- Cheremushki Location within Amur Oblast Cheremushki Location within Russia
- Coordinates: 50°17′N 128°47′E﻿ / ﻿50.283°N 128.783°E
- Country: Russia
- Region: Amur Oblast
- District: Oktyabrsky District
- Time zone: UTC+9:00

= Cheremushki, Amur Oblast =

Cheremushki (Черёмушки) is a rural locality (a selo) in Mukhinsky Selsoviet of Oktyabrsky District, Amur Oblast, Russia. The population was 114 as of 2018.
== Geography ==
Cheremushki is located 37 km southwest of Yekaterinoslavka (the district's administrative centre) by road. Mukhinsky is the nearest rural locality.

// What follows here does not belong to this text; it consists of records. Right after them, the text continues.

(* There exist an open set $U\subseteq 2^\omega$ and a closed set $C\subseteq 2^\omega$ such that $\Phi(U)=\Phi(C)$ and this set is a complete $\boldsymbol{\Pi}^0_3$ set.
   Context: $2^\omega$ is the Cantor space with the product topology; for a finite binary sequence $s$, $N_s=\{x\in 2^\omega: s\subset x\}$. $\mu$ is the coin-tossing (Lebesgue) measure on $2^\omega$, i.e. the Borel probability measure with $\mu(N_s)=2^{-\mathrm{lh}(s)}$. For a $\mu$-measurable $A\subseteq 2^\omega$, $\Phi(A)=\{x\in 2^\omega: \lim_{n\to\infty}\mu(A\cap N_{x\restriction n})/\mu(N_{x\restriction n})=1\}$ (the set of points of density $1$ in $A$). $\boldsymbol{\Pi}^0_3$ denotes the class of $F_{\sigma\delta}$ sets, $\boldsymbol{\Sigma}^0_3$ the class of $G_{\delta\sigma}$ sets, $\boldsymbol{\Delta}^0_3=\boldsymbol{\Sigma}^0_3\cap\boldsymbol{\Pi}^0_3$. A set $X\subseteq 2^\omega$ is complete $\boldsymbol{\Pi}^0_3$ if $X\in\boldsymbol{\Pi}^0_3$ and every $\boldsymbol{\Pi}^0_3$ subset of $2^\omega$ is of the form $f^{-1}(X)$ for a continuous $f:2^\omega\to2^\omega$ (equivalently, $X\in\boldsymbol{\Pi}^0_3\setminus\boldsymbol{\Sigma}^0_3$). *)

From Stdlib Require Import Reals List ClassicalEpsilon.
Open Scope R_scope.

Definition cantor := nat -> bool.
Definition cset := cantor -> Prop.

Definition N (s : list bool) : cset :=
  fun x => forall i, (i < length s)%nat -> x i = nth i s false.

Definition restr (x : cantor) (n : nat) : list bool := map x (seq 0 n).

Definition cinter (A B : cset) : cset := fun x => A x /\ B x.
Definition ccompl (A : cset) : cset := fun x => ~ A x.

Definition is_open (U : cset) : Prop :=
  forall x, U x -> exists n, forall y, N (restr x n) y -> U y.
Definition is_closed (C : cset) : Prop := is_open (ccompl C).

(* Coin-tossing measure, realized as the Lebesgue outer measure:
   mu*(A) = inf { sum_i 2^{-lh(c_i)} : A subset of U_i N_{c_i} }.
   It coincides with mu on Borel (in particular open/closed) sets. *)
Definition cover_val (A : cset) (r : R) : Prop :=
  exists c : nat -> list bool,
    (forall x, A x -> exists i, N (c i) x) /\
    (forall n, sum_f_R0 (fun i => (/2) ^ (length (c i))) n <= r).

Definition is_inf (S : R -> Prop) (m : R) : Prop :=
  (forall r, S r -> m <= r) /\ (forall m', (forall r, S r -> m' <= r) -> m' <= m).

Definition mu (A : cset) : R :=
  epsilon (inhabits 0) (fun m => is_inf (cover_val A) m).

(* Points of density 1: mu(A cap N_{x|n}) / mu(N_{x|n}) -> 1,
   with mu(N_{x|n}) = 2^{-n}. *)
Definition Phi (A : cset) : cset :=
  fun x => Un_cv (fun n => mu (cinter A (N (restr x n))) / ((/2) ^ n)) 1.

Definition is_Pi03 (X : cset) : Prop :=
  exists F : nat -> nat -> cset,
    (forall i j, is_closed (F i j)) /\
    (forall x, X x <-> forall i, exists j, F i j x).

Definition continuous_map (f : cantor -> cantor) : Prop :=
  forall x n, exists m, forall y, N (restr x m) y -> N (restr (f x) n) (f y).

Definition complete_Pi03 (X : cset) : Prop :=
  is_Pi03 X /\
  forall Y : cset, is_Pi03 Y ->
    exists f, continuous_map f /\ (forall x, Y x <-> X (f x)).

From Pilot Require Import Defs.
From Stdlib Require Import Reals List ClassicalEpsilon.
From Stdlib Require Import Lra Lia Arith Classical Cantor Wf_nat FunctionalExtensionality.
Import Defs.
Open Scope R_scope.

(** We build an open [U] and a closed [C ⊇ U] with [C \ U] null, so that
    [Phi U = Phi C], and show [Phi U] is complete Pi^0_3.

    For every [A], [Phi A] is Pi^0_3.
    - The construction: positions come in blocks with a decision bit [P m] and
      a flag bit [Q m].  [K] consists of the sparse points (zero off the
      decision bits; a null set) and the points flagged at some block [m]
      (flag set, followed by [level m] zeros); [K] is closed, [U] is its
      complement and [C] is the complement of the open set of flagged points.
    - Density at sparse points: a sparse [z] is a density point of [U] iff for
      each [i] only finitely many decision ones of [z] lie in blocks of level
      at most [i].
    - The reduction codes a Pi^0_3 set [forall i, exists j, x ∈ F i j] into
      sparse points so that membership becomes exactly this finiteness
      condition. *)

Definition pw (n : nat) : R := (/2) ^ n.

Lemma pw_pos n : 0 < pw n.
Proof. unfold pw. apply pow_lt. lra. Qed.

Lemma pw_S n : pw (S n) = /2 * pw n.
Proof. reflexivity. Qed.

Lemma pw_add a b : pw (a + b) = pw a * pw b.
Proof. apply pow_add. Qed.

Lemma pw_antitone a b : (a <= b)%nat -> pw b <= pw a.
Proof.
  induction 1; [lra|]. rewrite pw_S. pose proof (pw_pos m). lra.
Qed.

Lemma pw_small eps : 0 < eps -> exists k, pw k < eps.
Proof.
  intros Heps.
  destruct (pow_lt_1_zero (/2) ltac:(rewrite Rabs_right; lra) eps Heps) as [k Hk].
  exists k. specialize (Hk k (le_n _)).
  rewrite Rabs_right in Hk; [exact Hk | left; apply pw_pos].
Qed.

Lemma restr_length x n : length (restr x n) = n.
Proof. unfold restr. rewrite length_map, length_seq. reflexivity. Qed.

Lemma restr_nth x n i : (i < n)%nat -> nth i (restr x n) false = x i.
Proof.
  intros Hi. unfold restr.
  rewrite (nth_indep _ false (x 0%nat)) by (rewrite length_map, length_seq; lia).
  rewrite map_nth, seq_nth by lia. reflexivity.
Qed.

Lemma N_restr w n y : N (restr w n) y <-> forall i, (i < n)%nat -> y i = w i.
Proof.
  unfold N. rewrite restr_length.
  split; intros H i Hi; rewrite H, ?restr_nth by lia; reflexivity.
Qed.

Lemma restr_ext x y n : (forall i, (i < n)%nat -> x i = y i) -> restr x n = restr y n.
Proof.
  intros H. apply map_ext_in. intros a Ha. apply in_seq in Ha. apply H. lia.
Qed.

Lemma sum_mono (f : nat -> R) m n :
  (forall i, 0 <= f i) -> (m <= n)%nat -> sum_f_R0 f m <= sum_f_R0 f n.
Proof.
  intros Hf. induction 1; [lra|]. simpl. specialize (Hf (S m0)). lra.
Qed.

Lemma cover_nonneg A r : cover_val A r -> 0 <= r.
Proof.
  intros [c [_ H]]. specialize (H 0%nat). simpl in H.
  pose proof (pow_le (/2) (length (c 0%nat)) ltac:(lra)). lra.
Qed.

(* A set inside the cylinder [N s] is covered by [N s] together with cylinders
   of lengths [k+1, k+2, ...], of total weight [pw |s| + pw k]. *)
Lemma cover_cylinder (A : cset) s k :
  (forall x, A x -> N s x) -> cover_val A (pw (length s) + pw k).
Proof.
  intros HA.
  set (c := fun i => match i with O => s | S j => repeat false (k + S j) end).
  exists c. split.
  - intros x Hx. exists 0%nat. apply HA, Hx.
  - intros n.
    assert (Hsum : sum_f_R0 (fun i => (/2) ^ length (c i)) n = pw (length s) + pw k - pw (k + n)).
    { induction n as [|n IH]; simpl.
      - rewrite Nat.add_0_r. unfold pw. lra.
      - simpl in IH. rewrite IH, repeat_length.
        replace (k + S n)%nat with (S (k + n)) by lia.
        change ((/2) ^ S (k + n)) with (pw (S (k + n))). rewrite pw_S. lra. }
    rewrite Hsum. pose proof (pw_pos (k + n)). lra.
Qed.

Lemma mu_spec A : is_inf (cover_val A) (mu A).
Proof.
  unfold mu. apply epsilon_spec.
  set (E := fun v => cover_val A (- v)).
  assert (Hbound : bound E).
  { exists 0. intros v Hv. apply cover_nonneg in Hv. lra. }
  assert (Hne : exists v, E v).
  { exists (- (pw 0 + pw 0)). unfold E. rewrite Ropp_involutive.
    apply (cover_cylinder A nil). intros x _ i Hi. simpl in Hi. lia. }
  destruct (completeness E Hbound Hne) as [m [Hub Hlub]].
  exists (- m). split.
  - intros r Hr. assert (E (- r)) by (unfold E; rewrite Ropp_involutive; exact Hr).
    specialize (Hub _ H). lra.
  - intros m' Hm'. assert (is_upper_bound E (- m')).
    { intros v Hv. specialize (Hm' _ Hv). lra. }
    specialize (Hlub _ H). lra.
Qed.

Lemma mu_le A r : cover_val A r -> mu A <= r.
Proof. apply (proj1 (mu_spec A)). Qed.

Lemma mu_ge A m : (forall r, cover_val A r -> m <= r) -> m <= mu A.
Proof. apply (proj2 (mu_spec A)). Qed.

Lemma mu_nonneg A : 0 <= mu A.
Proof. apply mu_ge, cover_nonneg. Qed.

Lemma mu_mono (A B : cset) : (forall x, A x -> B x) -> mu A <= mu B.
Proof.
  intros H. apply mu_ge. intros r [c [Hc Hs]]. apply mu_le. exists c. split; auto.
Qed.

Located in the Russian Far East,it is characterized by a continental climate with monsoonal features (bitterly cold, dry winters and warm, wet summers).Its landscape is situated within the fertile, largely cultivated Zeya-Bureya Plain in southern Amur Oblast.
Average January temperatures are about -24 degrees celsius in the south, often dropping below -30 degrees celcuis, while summers are around 21 degrees celsuis. The region is known for agricultural production, specifically wheat, soybeans, and sunflowers.